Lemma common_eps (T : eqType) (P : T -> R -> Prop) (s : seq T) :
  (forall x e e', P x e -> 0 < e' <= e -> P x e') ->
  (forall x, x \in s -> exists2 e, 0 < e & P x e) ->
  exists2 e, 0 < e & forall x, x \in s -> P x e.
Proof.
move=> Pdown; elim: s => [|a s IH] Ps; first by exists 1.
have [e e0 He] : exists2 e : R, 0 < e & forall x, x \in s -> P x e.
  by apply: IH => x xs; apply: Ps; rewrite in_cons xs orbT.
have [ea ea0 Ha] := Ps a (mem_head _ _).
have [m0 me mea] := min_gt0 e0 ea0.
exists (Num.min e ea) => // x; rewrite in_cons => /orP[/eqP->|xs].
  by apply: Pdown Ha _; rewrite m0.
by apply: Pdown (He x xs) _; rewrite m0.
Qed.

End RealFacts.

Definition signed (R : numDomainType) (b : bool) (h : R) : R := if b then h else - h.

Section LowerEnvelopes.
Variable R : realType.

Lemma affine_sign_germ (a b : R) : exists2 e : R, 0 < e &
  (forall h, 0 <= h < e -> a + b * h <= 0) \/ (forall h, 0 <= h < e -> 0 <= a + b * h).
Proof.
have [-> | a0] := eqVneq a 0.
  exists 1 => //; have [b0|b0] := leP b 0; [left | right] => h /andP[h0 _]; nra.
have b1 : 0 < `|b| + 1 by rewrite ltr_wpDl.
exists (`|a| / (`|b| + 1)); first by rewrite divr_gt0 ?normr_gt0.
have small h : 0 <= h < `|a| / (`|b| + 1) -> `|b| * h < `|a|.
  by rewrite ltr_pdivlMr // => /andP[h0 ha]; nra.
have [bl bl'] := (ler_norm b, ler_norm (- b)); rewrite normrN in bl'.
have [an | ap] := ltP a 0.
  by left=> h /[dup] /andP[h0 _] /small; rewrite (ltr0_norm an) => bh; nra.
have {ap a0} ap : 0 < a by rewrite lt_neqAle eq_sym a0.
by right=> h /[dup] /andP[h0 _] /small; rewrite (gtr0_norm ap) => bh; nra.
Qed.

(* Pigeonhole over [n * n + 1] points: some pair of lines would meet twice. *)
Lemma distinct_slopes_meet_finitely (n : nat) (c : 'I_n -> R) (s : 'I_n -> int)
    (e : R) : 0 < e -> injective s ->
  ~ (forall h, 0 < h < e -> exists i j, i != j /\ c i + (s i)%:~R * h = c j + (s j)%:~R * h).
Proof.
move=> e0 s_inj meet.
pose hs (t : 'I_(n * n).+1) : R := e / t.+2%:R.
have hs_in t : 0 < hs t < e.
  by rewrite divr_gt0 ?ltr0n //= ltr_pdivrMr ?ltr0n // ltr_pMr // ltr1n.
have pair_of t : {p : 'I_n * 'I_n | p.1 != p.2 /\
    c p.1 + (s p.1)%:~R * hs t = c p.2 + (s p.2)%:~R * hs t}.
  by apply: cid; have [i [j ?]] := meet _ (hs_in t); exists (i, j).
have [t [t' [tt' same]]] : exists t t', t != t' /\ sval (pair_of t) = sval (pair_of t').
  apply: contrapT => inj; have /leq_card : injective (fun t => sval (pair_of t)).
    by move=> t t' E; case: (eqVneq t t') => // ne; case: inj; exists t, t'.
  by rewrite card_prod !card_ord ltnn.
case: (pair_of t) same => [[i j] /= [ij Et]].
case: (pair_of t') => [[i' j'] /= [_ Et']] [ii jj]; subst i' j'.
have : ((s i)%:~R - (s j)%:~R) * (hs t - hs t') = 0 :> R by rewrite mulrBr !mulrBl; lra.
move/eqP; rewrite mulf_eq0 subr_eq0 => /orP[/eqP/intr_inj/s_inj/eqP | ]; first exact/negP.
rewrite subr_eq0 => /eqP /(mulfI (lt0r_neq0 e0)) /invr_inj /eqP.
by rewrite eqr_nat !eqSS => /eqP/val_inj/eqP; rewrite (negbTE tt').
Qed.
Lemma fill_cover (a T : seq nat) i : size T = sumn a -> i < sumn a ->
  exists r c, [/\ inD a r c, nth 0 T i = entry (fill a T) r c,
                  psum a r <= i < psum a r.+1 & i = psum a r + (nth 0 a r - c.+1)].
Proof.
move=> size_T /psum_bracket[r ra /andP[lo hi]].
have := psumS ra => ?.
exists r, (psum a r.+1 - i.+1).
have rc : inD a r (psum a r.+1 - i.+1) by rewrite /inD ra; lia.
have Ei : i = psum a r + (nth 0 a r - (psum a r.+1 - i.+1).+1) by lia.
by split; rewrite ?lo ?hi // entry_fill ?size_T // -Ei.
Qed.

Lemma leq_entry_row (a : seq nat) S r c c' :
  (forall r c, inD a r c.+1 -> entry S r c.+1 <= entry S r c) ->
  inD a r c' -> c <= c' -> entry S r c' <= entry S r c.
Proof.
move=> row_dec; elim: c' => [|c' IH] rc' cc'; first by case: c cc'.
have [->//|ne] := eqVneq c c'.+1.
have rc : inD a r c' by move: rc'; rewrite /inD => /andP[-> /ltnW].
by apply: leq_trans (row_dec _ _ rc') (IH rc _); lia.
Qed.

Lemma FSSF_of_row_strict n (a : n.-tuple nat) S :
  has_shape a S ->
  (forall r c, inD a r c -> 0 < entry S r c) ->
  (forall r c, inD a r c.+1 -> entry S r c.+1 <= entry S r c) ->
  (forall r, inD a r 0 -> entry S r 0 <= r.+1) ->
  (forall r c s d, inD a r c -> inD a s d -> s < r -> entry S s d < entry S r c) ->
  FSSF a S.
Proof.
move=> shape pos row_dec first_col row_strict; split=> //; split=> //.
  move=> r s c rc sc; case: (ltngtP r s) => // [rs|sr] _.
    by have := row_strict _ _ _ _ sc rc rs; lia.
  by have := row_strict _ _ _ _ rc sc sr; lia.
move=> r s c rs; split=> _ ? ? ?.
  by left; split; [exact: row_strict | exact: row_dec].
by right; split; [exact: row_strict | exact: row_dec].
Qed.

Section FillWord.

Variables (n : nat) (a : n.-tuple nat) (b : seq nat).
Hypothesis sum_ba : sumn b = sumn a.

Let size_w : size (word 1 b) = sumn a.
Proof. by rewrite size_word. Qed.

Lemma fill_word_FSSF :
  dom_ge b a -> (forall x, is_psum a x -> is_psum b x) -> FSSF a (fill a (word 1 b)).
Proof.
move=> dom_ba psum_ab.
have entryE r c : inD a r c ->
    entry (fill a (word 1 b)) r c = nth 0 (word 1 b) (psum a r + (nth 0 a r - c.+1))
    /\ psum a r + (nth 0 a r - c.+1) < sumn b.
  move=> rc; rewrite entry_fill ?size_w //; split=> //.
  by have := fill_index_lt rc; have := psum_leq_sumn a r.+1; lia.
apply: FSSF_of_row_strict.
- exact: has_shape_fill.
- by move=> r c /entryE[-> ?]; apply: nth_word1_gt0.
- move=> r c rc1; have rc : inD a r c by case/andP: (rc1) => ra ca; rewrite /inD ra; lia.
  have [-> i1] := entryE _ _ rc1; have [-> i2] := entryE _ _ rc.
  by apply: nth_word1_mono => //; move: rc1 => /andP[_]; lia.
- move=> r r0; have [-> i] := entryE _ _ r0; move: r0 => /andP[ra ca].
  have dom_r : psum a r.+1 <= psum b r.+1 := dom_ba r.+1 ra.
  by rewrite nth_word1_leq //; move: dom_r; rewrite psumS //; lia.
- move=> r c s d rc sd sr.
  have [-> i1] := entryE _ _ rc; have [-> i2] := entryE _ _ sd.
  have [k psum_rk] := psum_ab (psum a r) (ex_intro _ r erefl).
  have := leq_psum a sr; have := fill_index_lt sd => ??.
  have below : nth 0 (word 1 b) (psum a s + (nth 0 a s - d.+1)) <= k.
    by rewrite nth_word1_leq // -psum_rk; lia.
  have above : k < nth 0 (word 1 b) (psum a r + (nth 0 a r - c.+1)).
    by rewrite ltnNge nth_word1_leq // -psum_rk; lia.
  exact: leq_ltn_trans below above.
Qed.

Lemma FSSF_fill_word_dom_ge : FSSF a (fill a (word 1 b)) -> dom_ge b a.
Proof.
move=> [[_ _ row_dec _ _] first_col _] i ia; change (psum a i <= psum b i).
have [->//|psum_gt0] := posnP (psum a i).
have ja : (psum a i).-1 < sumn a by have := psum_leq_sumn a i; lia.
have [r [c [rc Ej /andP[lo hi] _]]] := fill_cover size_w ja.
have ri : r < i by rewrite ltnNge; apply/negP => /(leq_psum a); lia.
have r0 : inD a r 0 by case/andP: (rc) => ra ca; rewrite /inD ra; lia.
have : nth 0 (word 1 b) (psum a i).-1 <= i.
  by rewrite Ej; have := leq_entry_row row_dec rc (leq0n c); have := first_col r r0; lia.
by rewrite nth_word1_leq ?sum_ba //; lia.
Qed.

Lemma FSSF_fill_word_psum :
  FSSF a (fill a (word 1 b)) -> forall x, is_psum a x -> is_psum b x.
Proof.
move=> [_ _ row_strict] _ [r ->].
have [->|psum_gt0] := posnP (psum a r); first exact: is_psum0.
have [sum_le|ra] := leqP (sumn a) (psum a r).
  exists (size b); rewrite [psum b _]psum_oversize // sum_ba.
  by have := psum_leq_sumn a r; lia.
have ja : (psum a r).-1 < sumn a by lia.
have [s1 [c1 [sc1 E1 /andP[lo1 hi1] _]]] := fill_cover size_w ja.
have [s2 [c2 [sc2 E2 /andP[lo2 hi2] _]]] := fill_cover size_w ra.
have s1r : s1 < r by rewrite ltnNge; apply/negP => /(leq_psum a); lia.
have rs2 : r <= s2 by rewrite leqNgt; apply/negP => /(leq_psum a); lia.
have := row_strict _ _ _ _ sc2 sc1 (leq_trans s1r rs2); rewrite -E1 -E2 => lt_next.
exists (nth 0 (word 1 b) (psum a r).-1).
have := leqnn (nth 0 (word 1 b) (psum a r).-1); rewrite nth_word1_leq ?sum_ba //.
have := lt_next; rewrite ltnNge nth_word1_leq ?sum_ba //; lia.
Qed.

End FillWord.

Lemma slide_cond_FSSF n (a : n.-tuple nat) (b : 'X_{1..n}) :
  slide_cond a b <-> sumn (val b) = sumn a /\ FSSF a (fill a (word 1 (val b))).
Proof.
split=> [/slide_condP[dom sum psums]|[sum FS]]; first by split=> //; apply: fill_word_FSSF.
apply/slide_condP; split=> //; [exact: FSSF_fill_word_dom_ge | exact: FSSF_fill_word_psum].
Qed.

### What you have to do
Within the material above, copy exactly the lines from the line that holds "j + (s j)%:~R * h)." up to and including the line that holds "rewrite subr_eq0 =>".

### Written response
  ~ (forall h, 0 < h < e -> exists i j, i != j /\ c i + (s i)%:~R * h = c j + (s j)%:~R * h).
Proof.
move=> e0 s_inj meet.
pose hs (t : 'I_(n * n).+1) : R := e / t.+2%:R.
have hs_in t : 0 < hs t < e.
  by rewrite divr_gt0 ?ltr0n //= ltr_pdivrMr ?ltr0n // ltr_pMr // ltr1n.
have pair_of t : {p : 'I_n * 'I_n | p.1 != p.2 /\
    c p.1 + (s p.1)%:~R * hs t = c p.2 + (s p.2)%:~R * hs t}.
  by apply: cid; have [i [j ?]] := meet _ (hs_in t); exists (i, j).
have [t [t' [tt' same]]] : exists t t', t != t' /\ sval (pair_of t) = sval (pair_of t').
  apply: contrapT => inj; have /leq_card : injective (fun t => sval (pair_of t)).
    by move=> t t' E; case: (eqVneq t t') => // ne; case: inj; exists t, t'.
  by rewrite card_prod !card_ord ltnn.
case: (pair_of t) same => [[i j] /= [ij Et]].
case: (pair_of t') => [[i' j'] /= [_ Et']] [ii jj]; subst i' j'.
have : ((s i)%:~R - (s j)%:~R) * (hs t - hs t') = 0 :> R by rewrite mulrBr !mulrBl; lra.
move/eqP; rewrite mulf_eq0 subr_eq0 => /orP[/eqP/intr_inj/s_inj/eqP | ]; first exact/negP.
rewrite subr_eq0 => /eqP /(mulfI (lt0r_neq0 e0)) /invr_inj /eqP.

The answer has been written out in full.